▶ **PROBLEM**:
Going down the listing below, print exactly each line from the one with "intros Hkn. unfold binom_term, C." up to and including the one with "Lemma binom_term_succ_le (n", and skip the rest.

▶ **DATA FOR THIS EXERCISE**:
Lemma binom_term_succ (n k : nat) (a : R) : (k < n)%nat ->
  binom_term n a (S k) * INR (S k) = binom_term n a k * (INR (n - k) * a).
Proof.
  intros Hkn. unfold binom_term, C.
  replace (n - k)%nat with (S (n - S k)) by lia.
  rewrite (fact_simpl k), (fact_simpl (n - S k)), !mult_INR.
  pose proof (INR_fact_lt_0 k). pose proof (INR_fact_lt_0 (n - S k)).
  pose proof (pos_INR k). pose proof (pos_INR (n - S k)).
  rewrite !S_INR. simpl pow. field. lra.
Qed.

Lemma binom_term_le_succ (n k : nat) (a : R) : 0 < a -> (k < n)%nat ->
  INR k * (1 + a) <= INR n * a - 1 -> binom_term n a k <= binom_term n a (S k).
Proof.
  intros Ha Hkn Hk. pose proof (binom_term_succ n k a Hkn) as Hs.
  rewrite minus_INR in Hs by lia. rewrite S_INR in Hs.
  pose proof (binom_term_pos n a k Ha). pose proof (binom_term_pos n a (S k) Ha).
  pose proof (pos_INR k). nra.
Qed.

Lemma binom_term_succ_le (n k : nat) (a : R) : 0 < a -> (k < n)%nat ->
  (INR n + 1) * a <= INR (S k) * (1 + a) -> binom_term n a (S k) <= binom_term n a k.
Proof.
  intros Ha Hkn Hk. pose proof (binom_term_succ n k a Hkn) as Hs.
  rewrite minus_INR in Hs by lia. rewrite S_INR in Hs, Hk.
  pose proof (binom_term_pos n a k Ha). pose proof (binom_term_pos n a (S k) Ha).
  pose proof (pos_INR k). nra.
Qed.

(* The terms increase before the window and decrease after it. *)
Lemma binom_term_le_of_mode (n : nat) (a B : R) : 0 < a ->
  (forall j, (j <= n)%nat -> INR n * a - 1 <= INR j * (1 + a) <= (INR n + 1) * a ->
             binom_term n a j <= B) ->
  forall k, (k <= n)%nat -> binom_term n a k <= B.
Proof.
  intros Ha Hmode.
  assert (Hright : forall k, (k <= n)%nat -> INR n * a - 1 <= INR k * (1 + a) ->
                             binom_term n a k <= B).
  { induction k as [|k IH]; intros Hk Hlo.
    - apply Hmode; auto. split; auto. simpl. pose proof (pos_INR n). nra.
    - destruct (Rle_lt_dec (INR (S k) * (1 + a)) ((INR n + 1) * a)) as [Hhi|Hhi].
      + apply Hmode; auto.
      + apply Rle_trans with (binom_term n a k).
        * apply binom_term_succ_le; auto; lra.
        * apply IH; [lia|]. rewrite S_INR in Hhi. nra. }
  assert (Hleft : forall t k, (k + t = n)%nat -> binom_term n a k <= B).
  { induction t as [|t IH]; intros k Hk.
    - apply Hright; [lia|]. replace k with n by lia. pose proof (pos_INR n). nra.
    - destruct (Rle_lt_dec (INR n * a - 1) (INR k * (1 + a))) as [Hlo|Hlo].
      + apply Hright; auto. lia.
      + apply Rle_trans with (binom_term n a (S k)).
        * apply binom_term_le_succ; auto; [lia | lra].
        * apply IH. lia. }
  intros k Hk. apply (Hleft (n - k)%nat). lia.
Qed.

Lemma mode_window_prod_ge (n j a lambda : R) : 0 < a -> 0 < lambda < 1 ->
  a < lambda * n -> 1 < lambda * a * n ->
  n * a - 1 <= j * (1 + a) <= (n + 1) * a ->
  n ^ 2 * a * (1 - lambda) ^ 2 <= j * (n - j) * (1 + a) ^ 2.
Proof.
  intros Ha Hl Han Hlan [Hlo Hhi].
  assert (Hj : n * a * (1 - lambda) <= j * (1 + a)) by nra.
  assert (Hnj : n * (1 - lambda) <= (n - j) * (1 + a)) by nra.
  assert (Hn : 0 < n) by nra.
  assert (H0j : 0 <= n * a * (1 - lambda)) by (apply Rmult_le_pos; [apply Rmult_le_pos|]; lra).
  assert (H0nj : 0 <= n * (1 - lambda)) by (apply Rmult_le_pos; lra).
  pose proof (Rmult_le_compat _ _ _ _ H0j H0nj Hj Hnj). lra.
Qed.
(* After cocoercivity of gf and gh, the slack is
   |gf u - gf us + B^T (p - ps)|^2 + |gh p - gh ps - B (u - us)|^2. *)
Lemma resid_strong_monotone u p :
  mu_fB * sqnorm IV (u - us) + mu_hB * sqnorm IQ (p - ps) <=
  2 * (dotv (resid_u B gf gh TP u p) (u - us) + dotv (resid_p B gf gh TU u p) (p - ps)).
Proof.
have sc_u := strongly_convex_monotone hsc_fB us u.
have sc_p := strongly_convex_monotone hsc_hB ps p.
have co_u := S11_cocoercive hTU hmu_f hL_f hS_f us u.
have co_p := S11_cocoercive hTP hmu_h hL_h hS_h ps p.
rewrite resid_u_saddle resid_p_saddle; rewrite gfB_sub in sc_u; rewrite ghB_sub in sc_p.
rewrite gfB_sub ghB_sub eP_sub eU_sub.
set du := u - us in sc_u co_u *; set dp := p - ps in sc_p co_p *.
set Dgf := gf u - gf us in sc_u co_u *; set Dgh := gh p - gh ps in sc_p co_p *.
have sq_u := sqnorm_ge0 (Dgf + B^T *m dp) (spd_invmx hTU).
have sq_p := sqnorm_ge0 (Dgh - B *m du) (spd_invmx hTP).
rewrite sqnormD ?spd_invmx_sym // in sq_u; rewrite sqnormB ?spd_invmx_sym // in sq_p.
have cross : dotv dp (B *m du) = dotv du (B^T *m dp) by rewrite dotvC dotv_mulmxl.
move: sc_u sc_p co_u co_p sq_u sq_p.
clearbody du dp Dgf Dgh.
rewrite /sqnorm !(dotvDl, dotvNl) !(dotv_mulmxl B^T) !(dotv_mulmxl B) trmxK.
rewrite !(dotvDl, dotvNl) cross.
lra.
Qed.

Context {L_fB L_hB L_eU L_eP LS2 : R}.
Hypotheses (hL_fB : lipschitz_grad (gfB gf B TP) IV L_fB)
  (hL_hB : lipschitz_grad (ghB gh B TU) IQ L_hB)
  (hL_eU : lipschitz_map (eU gf TU) IV L_eU) (hL_eP : lipschitz_map (eP gh TP) IQ L_eP).
Hypothesis hLS : is_lambda_max (invmx IQ *m B *m invmx IV *m B^T) LS2.

Lemma resid_u_sqnorm_le u p : sqnorm (invmx IV) (resid_u B gf gh TP u p) <=
  2 * (L_fB ^+ 2 * sqnorm IV (u - us) + LS2 * L_eP ^+ 2 * sqnorm IQ (p - ps)).
Proof.
rewrite resid_u_saddle; apply: le_trans (sqnormD_le _ _ (spd_invmx hIV)) _.
have := hL_fB.2 u us.
have := lambda_max_sqnorm_trmx hIV hIQ hLS (eP gh TP p - eP gh TP ps).
have := ler_wpM2l (lambda_max_ge0 hIV hIQ hLS) (hL_eP.2 p ps).
lra.
Qed.

Lemma resid_p_sqnorm_le u p : sqnorm (invmx IQ) (resid_p B gf gh TU u p) <=
  2 * (L_hB ^+ 2 * sqnorm IQ (p - ps) + LS2 * L_eU ^+ 2 * sqnorm IV (u - us)).
Proof.
rewrite resid_p_saddle; apply: le_trans (sqnormD_le _ _ (spd_invmx hIQ)) _.
rewrite sqnormN; have := hL_hB.2 p ps.
have := lambda_max_sqnorm_mulmx hIV hIQ hLS (eU gf TU u - eU gf TU us).
have := ler_wpM2l (lambda_max_ge0 hIV hIQ hLS) (hL_eU.2 u us).
lra.
Qed.

Lemma Lyap_step_contraction u p al delta : 0 < al ->
  delta <= al * (mu_fB - 2 * (L_fB ^+ 2 + LS2 * L_eU ^+ 2) * al) ->
  delta <= al * (mu_hB - 2 * (L_hB ^+ 2 + LS2 * L_eP ^+ 2) * al) ->
  Lyap IV IQ us ps (u - al *: (invmx IV *m resid_u B gf gh TP u p))
                   (p - al *: (invmx IQ *m resid_p B gf gh TU u p))
    <= (1 - delta) * Lyap IV IQ us ps u p.
Proof.
move=> al_gt0 delta_le_u delta_le_p.
rewrite /Lyap (addrAC u) (addrAC p) !sqnorm_step //.
have su_ge0 := sqnorm_ge0 (u - us) hIV; have sp_ge0 := sqnorm_ge0 (p - ps) hIQ.
have := ler_wpM2l (ltW al_gt0) (resid_strong_monotone u p).
have := ler_wpM2l (sqr_ge0 al) (lerD (resid_u_sqnorm_le u p) (resid_p_sqnorm_le u p)).
have := ler_wpM2r su_ge0 delta_le_u; have := ler_wpM2r sp_ge0 delta_le_p.
lra.
Qed.

End PrimalDualStep.

Section StepRate.
Context {R : realFieldType}.
Implicit Types a mu L : R.

Lemma step_rate_gt0 a mu L : 0 < a -> 0 < mu -> a < mu / L -> 0 < a * (mu - L * a).
Proof.
move=> a_gt0 mu_gt0 a_lt; have L_gt0 : 0 < L.
  rewrite ltNge; apply: contraTN a_lt => L_le0; rewrite -leNgt.
  by apply: le_trans (ltW a_gt0); rewrite mulr_ge0_le0 ?invr_le0 // ltW.
by rewrite ltr_pdivlMr // in a_lt; apply: mulr_gt0 => //; lra.
Qed.

(* a (mu - 2 mu^2 a) <= 1/8 *)
Lemma step_rate_lt1 a mu L : 2 * mu ^+ 2 <= L -> a * (mu - L * a) < 1.
Proof.
move=> L_ge; have := ler_wpM2l (sqr_ge0 a) L_ge; have := sqr_ge0 (2 * a * mu - 2^-1).
lra.
Qed.

End StepRate.

Theorem theorem5p5 (R : realType) (n m : nat) (hnm : (n <= m)%N)
  (B : 'M[R]_(n, m)) (hrank : \rank B = n)
  (f : 'cV[R]_m -> R) (gf : 'cV[R]_m -> 'cV[R]_m)
  (h : 'cV[R]_n -> R) (gh : 'cV[R]_n -> 'cV[R]_n)
  (hgf : gradient_of f gf) (hgh : gradient_of h gh)
  (TU IV : 'M[R]_m) (TP IQ : 'M[R]_n)
  (hTU : spd TU) (hIV : spd IV) (hTP : spd TP) (hIQ : spd IQ)
  (us : 'cV[R]_m) (ps : 'cV[R]_n)
  (hsad_u : gf us + B^T *m ps = 0) (hsad_p : B *m us - gh ps = 0)
  (mu_h L_h : R) (hmu_h : 0 <= mu_h) (hL_h : L_h <= 1) (hS_h : S11 h gh TP mu_h L_h)
  (mu_f L_f : R) (hmu_f : 0 <= mu_f) (hL_f : L_f <= 1) (hS_f : S11 f gf TU mu_f L_f)
  (mu_fB : R) (hmu_fB : 0 < mu_fB)
  (hsc_fB : strongly_convex (fB f B TP) (gfB gf B TP) IV mu_fB)
  (mu_hB : R) (hmu_hB : 0 < mu_hB)
  (hsc_hB : strongly_convex (hB h B TU) (ghB gh B TU) IQ mu_hB)
  (L_fB L_hB L_eU L_eP LS2 : R)
  (hL_fB : lipschitz_grad (gfB gf B TP) IV L_fB)
  (hL_hB : lipschitz_grad (ghB gh B TU) IQ L_hB)
  (hL_eU : lipschitz_map (eU gf TU) IV L_eU)
  (hL_eP : lipschitz_map (eP gh TP) IQ L_eP)
  (hLS : is_lambda_max (invmx IQ *m B *m invmx IV *m B^T) LS2)
  (u : nat -> 'cV[R]_m) (p : nat -> 'cV[R]_n) (alpha : nat -> R)
  (hiter : forall k,
     let uh := u k - invmx TU *m (gf (u k) + B^T *m p k) in
     let ph := p k - invmx TP *m (gh (p k) - B *m u k) in
     u k.+1 = u k - alpha k *: (invmx IV *m (gf (u k) + B^T *m ph)) /\
     p k.+1 = p k - alpha k *: (invmx IQ *m (gh (p k) - B *m uh))) :
  let LV2 := 2 * (L_fB ^+ 2 + LS2 * L_eU ^+ 2) in
  let LQ2 := 2 * (L_hB ^+ 2 + LS2 * L_eP ^+ 2) in
  forall k, 0 < alpha k -> alpha k < Num.min (mu_fB / LV2) (mu_hB / LQ2) ->
  let delta := Num.min (alpha k * (mu_fB - LV2 * alpha k))
                       (alpha k * (mu_hB - LQ2 * alpha k)) in
  0 < delta < 1 /\
  Lyap IV IQ us ps (u k.+1) (p k.+1) <= (1 - delta) * Lyap IV IQ us ps (u k) (p k).
Proof.
move=> LV2 LQ2 k al_gt0; rewrite lt_min => /andP[al_lt_u al_lt_p] delta.
have m_gt0 := leq_trans (eigenvalue_dim_gt0 hLS.1) hnm.
have LV2_ge : 2 * mu_fB ^+ 2 <= LV2.
  have := strongly_convex_sqr_le_lipschitz hIV m_gt0 hmu_fB hsc_fB hL_fB.
  have := mulr_ge0 (lambda_max_ge0 hIV hIQ hLS) (sqr_ge0 L_eU).
  by rewrite /LV2; lra.
split.
  by rewrite lt_min !step_rate_gt0 //= gt_min step_rate_lt1.
have /= [-> ->] := hiter k.
apply: (Lyap_step_contraction hsad_u hsad_p hTU hIV hTP hIQ hmu_f hL_f hS_f hmu_h hL_h hS_h
  hsc_fB hsc_hB hL_fB hL_hB hL_eU hL_eP hLS) => //.
  by rewrite /delta ge_min lexx.
by rewrite /delta ge_min lexx orbT.
Qed.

▶ **TASK SOLUTION**:
  intros Hkn. unfold binom_term, C.
  replace (n - k)%nat with (S (n - S k)) by lia.
  rewrite (fact_simpl k), (fact_simpl (n - S k)), !mult_INR.
  pose proof (INR_fact_lt_0 k). pose proof (INR_fact_lt_0 (n - S k)).
  pose proof (pos_INR k). pose proof (pos_INR (n - S k)).
  rewrite !S_INR. simpl pow. field. lra.
Qed.

Lemma binom_term_le_succ (n k : nat) (a : R) : 0 < a -> (k < n)%nat ->
  INR k * (1 + a) <= INR n * a - 1 -> binom_term n a k <= binom_term n a (S k).
Proof.
  intros Ha Hkn Hk. pose proof (binom_term_succ n k a Hkn) as Hs.
  rewrite minus_INR in Hs by lia. rewrite S_INR in Hs.
  pose proof (binom_term_pos n a k Ha). pose proof (binom_term_pos n a (S k) Ha).
  pose proof (pos_INR k). nra.
Qed.

Lemma binom_term_succ_le (n k : nat) (a : R) : 0 < a -> (k < n)%nat ->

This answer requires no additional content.